Begin at the line containing "transitivity (gmul c" in the data below and go on through the line containing "Lemma L_conj u", repeating each line exactly; include both ends and no other line.
^^^^^^^^
Ltac index x l :=
  lazymatch l with
  | cons x _ => constr:(0)
  | cons _ ?l' => let n := index x l' in constr:(S n)
  end.

Ltac add_atoms t l :=
  lazymatch t with
  | gmul ?a ?b => let l1 := add_atoms a l in add_atoms b l1
  | ginv ?a => add_atoms a l
  | gone => l
  | _ => lazymatch mem t l with true => l | false => constr:(cons t l) end
  end.

Ltac reify t l :=
  lazymatch t with
  | gmul ?a ?b => let ea := reify a l in let eb := reify b l in constr:(GMul ea eb)
  | ginv ?a => let ea := reify a l in constr:(GInv ea)
  | gone => constr:(GOne)
  | _ => let n := index t l in constr:(GAtom n)
  end.

Ltac goal_atoms :=
  lazymatch goal with
  | |- @eq (carrier ?G) ?lhs ?rhs =>
      let l := add_atoms lhs (@nil (carrier G)) in add_atoms rhs l
  end.

Ltac indices_in l cl i :=
  lazymatch l with
  | nil => constr:(@nil nat)
  | cons ?a ?l' =>
      let r := indices_in l' cl (S i) in
      lazymatch mem a cl with true => constr:(cons i r) | false => r end
  end.

(* Proves an equation of group words, treating the atoms in [cl] as commuting
   with all other atoms; [tac] must discharge those commutations. *)
Ltac group_eq_with cl tac :=
  let l := goal_atoms in
  lazymatch goal with
  | |- @eq (carrier ?G) ?lhs ?rhs =>
      let e1 := reify lhs l in
      let e2 := reify rhs l in
      let cs := indices_in l cl 0 in
      change (geval l e1 = geval l e2);
      apply (normal_form_sound G l cs);
      [ repeat first [apply Forall_nil | apply Forall_cons]; cbn [nth]; tac
      | vm_compute; reflexivity ]
  end.

Ltac central_atoms l :=
  lazymatch l with
  | nil => l
  | cons ?a ?l' =>
      let r := central_atoms l' in
      lazymatch goal with
      | _ : central a |- _ => constr:(cons a r)
      | _ => r
      end
  end.

(* [idtac;] delays the [match goal] until the tactic is run on a side goal. *)
Ltac apply_central := idtac; match goal with H : central ?a |- commute ?a _ => apply H end.

Ltac group_eq :=
  let l := goal_atoms in let cl := central_atoms l in group_eq_with cl apply_central.

Ltac abel_eq tac := let l := goal_atoms in group_eq_with l tac.

Definition conj {G : Group} (u g : G) : G := gmul (ginv g) (gmul u g).
Definition comm {G : Group} (u g : G) : G := gmul (ginv u) (gmul (ginv g) (gmul u g)).

Section Commutators.
Variable G : Group.
Implicit Types a b g h p q : G.

Lemma commute_comm_gone a b : commute a b -> comm a b = gone.
Proof. unfold comm, commute; intro H. rewrite H. group_eq. Qed.

Lemma comm_gone_commute a b : comm a b = gone -> commute a b.
Proof.
  unfold commute; intro H.
  transitivity (gmul (gmul b a) (comm a b)); [unfold comm; group_eq|].
  rewrite H; group_eq.
Qed.

Lemma conj_commute a b : commute a b -> conj a b = a.
Proof. unfold conj, commute; intro H. rewrite H. group_eq. Qed.

Lemma conj_central a g : central a -> conj a g = a.
Proof. intros Ha. apply conj_commute, Ha. Qed.

Lemma conj_comm p g : conj p g = gmul p (comm p g).
Proof. unfold comm, conj; group_eq. Qed.

Lemma comm_gone_l g : comm gone g = gone.
Proof. unfold comm; group_eq. Qed.

Lemma comm_gone_r p : comm p gone = gone.
Proof. unfold comm; group_eq. Qed.

Lemma comm_gmul_l p q g : comm (gmul p q) g = gmul (conj (comm p g) q) (comm q g).
Proof. unfold comm, conj; group_eq. Qed.

Lemma comm_gmul_r p g h : comm p (gmul g h) = gmul (comm p h) (conj (comm p g) h).
Proof. unfold comm, conj; group_eq. Qed.

Lemma comm_ginv_l p g : comm (ginv p) g = conj (ginv (comm p g)) (ginv p).
Proof. unfold comm, conj; group_eq. Qed.

Lemma comm_ginv_r p g : comm p (ginv g) = conj (ginv (comm p g)) (ginv g).
Proof. unfold comm, conj; group_eq. Qed.

Lemma cube_conj a g : cube (conj a g) = conj (cube a) g.
Proof. unfold cube, conj; group_eq. Qed.

Lemma cube_ginv a : cube (ginv a) = ginv (cube a).
Proof. unfold cube; group_eq. Qed.

Lemma cube_gmul_commute a b : commute a b -> cube (gmul a b) = gmul (cube a) (cube b).
Proof.
  intro H. unfold cube.
  group_eq_with (cons b nil) ltac:(first [apply commute_sym, H | apply commute_refl]).
Qed.

Lemma cube_gmul_comm a b : commute (comm b a) a -> commute (comm b a) b ->
  cube (gmul a b) = gmul (cube a) (gmul (cube b) (cube (comm b a))).
Proof.
  intros Ha Hb. set (c := comm b a) in *.
  assert (E : gmul b a = gmul a (gmul b c)) by (unfold c, comm; group_eq).
  clearbody c.
  transitivity (gmul a (gmul (gmul b a) (gmul (gmul b a) b))); [unfold cube; group_eq|].
  rewrite E.
  transitivity (gmul c (gmul c (gmul a (gmul a (gmul (gmul b a) (gmul b b))))));
    [group_eq_with (cons c nil) ltac:(first [assumption | apply commute_refl])|].
  rewrite E. unfold cube.
  group_eq_with (cons c nil) ltac:(first [assumption | apply commute_refl]).
Qed.

End Commutators.

Section ExponentThree.
Variable G : Group.
Variable L : G -> Prop.
Hypothesis L_one : L gone.
Hypothesis L_mul : forall a b, L a -> L b -> L (gmul a b).
Hypothesis L_inv : forall a, L a -> L (ginv a).
Hypothesis L_cube : forall u, L u -> cube u = gone.
Implicit Types u v g h k : G.

Lemma L_conj u g : L u -> L g -> L (conj u g).
Proof. intros; unfold conj; auto. Qed.

Lemma L_comm u g : L u -> L g -> L (comm u g).
Proof. intros; unfold comm; auto. Qed.

(* From (u g^-1)^3 = g^3 = (u g)^3 = 1. *)
Lemma commute_conj_self u g : L u -> L g -> commute u (conj u g).
Proof.
  intros Lu Lg.
  assert (E1 : cube (gmul u (ginv g)) = gone) by auto.
  assert (E2 : cube (gmul u g) = gone) by auto.
  assert (E3 : cube g = gone) by auto.
  unfold commute, conj.
  transitivity (gmul g (gmul (ginv u) (ginv g))).
  - transitivity (gmul (cube (gmul u (ginv g)))
                   (gmul g (gmul (ginv u) (gmul (ginv g) (cube g))))).
    + unfold cube; group_eq.
    + rewrite E1, E3; group_eq.
  - transitivity (gmul (ginv (cube g)) (gmul g (gmul g (gmul (cube (gmul u g))
                   (gmul (ginv g) (gmul (ginv u) (ginv g))))))).
    + rewrite E2, E3, ginv_gone; group_eq.
    + unfold cube; group_eq.
Qed.

Lemma commute_comm_l u g : L u -> L g -> commute (comm u g) u.
Proof.
  intros Lu Lg.
  replace (comm u g) with (gmul (ginv u) (conj u g)) by (unfold comm, conj; group_eq).
  apply commute_gmul_l.
  - apply commute_ginv_l, commute_refl.
  - apply commute_sym, commute_conj_self; assumption.
Qed.

Lemma commute_comm_r u g : L u -> L g -> commute (comm u g) g.
Proof.
  intros Lu Lg.
  replace (comm u g) with (gmul (ginv (conj g u)) g) by (unfold comm, conj; group_eq).
  apply commute_gmul_l.
  - apply commute_ginv_l, commute_sym, commute_conj_self; assumption.
  - apply commute_refl.
Qed.

Lemma comm_comm_self_r u g : L u -> L g -> comm (comm u g) g = gone.
Proof. intros; apply commute_comm_gone, commute_comm_r; assumption. Qed.

Lemma comm_ginv_r_L u g : L u -> L g -> comm u (ginv g) = ginv (comm u g).
Proof.
  intros Lu Lg.
  rewrite comm_ginv_r. apply conj_commute.
  apply commute_ginv_l, commute_ginv_r, commute_comm_r; assumption.
Qed.

Lemma square_trivial k : L k -> gmul k k = gone -> k = gone.
Proof.
  intros Lk H. transitivity (gmul (cube k) (ginv (gmul k k))).
  - unfold cube; group_eq.
  - rewrite H, L_cube by assumption. group_eq.
Qed.

Variable x : G.
Hypothesis Lx : L x.

Local Notation nclosure := (generated (fun v => exists g, L g /\ v = conj x g)).

Lemma nclosure_x : nclosure x.
Proof. apply gen_base. exists gone. split; [assumption|]. unfold conj; group_eq. Qed.

Lemma nclosure_L v : nclosure v -> L v.
Proof. induction 1 as [v [g [Lg ->]]| | |]; auto using L_conj. Qed.

Lemma commute_conj_x g h : L g -> L h -> commute (conj x g) (conj x h).
Proof.
  intros Lg Lh.
  replace (conj x h) with (conj (conj x g) (gmul (ginv g) h)) by (unfold conj; group_eq).
  apply commute_conj_self; auto using L_conj.
Qed.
^^^^^^^^
Written answer:
  transitivity (gmul c (gmul c (gmul a (gmul a (gmul (gmul b a) (gmul b b))))));
    [group_eq_with (cons c nil) ltac:(first [assumption | apply commute_refl])|].
  rewrite E. unfold cube.
  group_eq_with (cons c nil) ltac:(first [assumption | apply commute_refl]).
Qed.

End Commutators.

Section ExponentThree.
Variable G : Group.
Variable L : G -> Prop.
Hypothesis L_one : L gone.
Hypothesis L_mul : forall a b, L a -> L b -> L (gmul a b).
Hypothesis L_inv : forall a, L a -> L (ginv a).
Hypothesis L_cube : forall u, L u -> cube u = gone.
Implicit Types u v g h k : G.

Lemma L_conj u g : L u -> L g -> L (conj u g).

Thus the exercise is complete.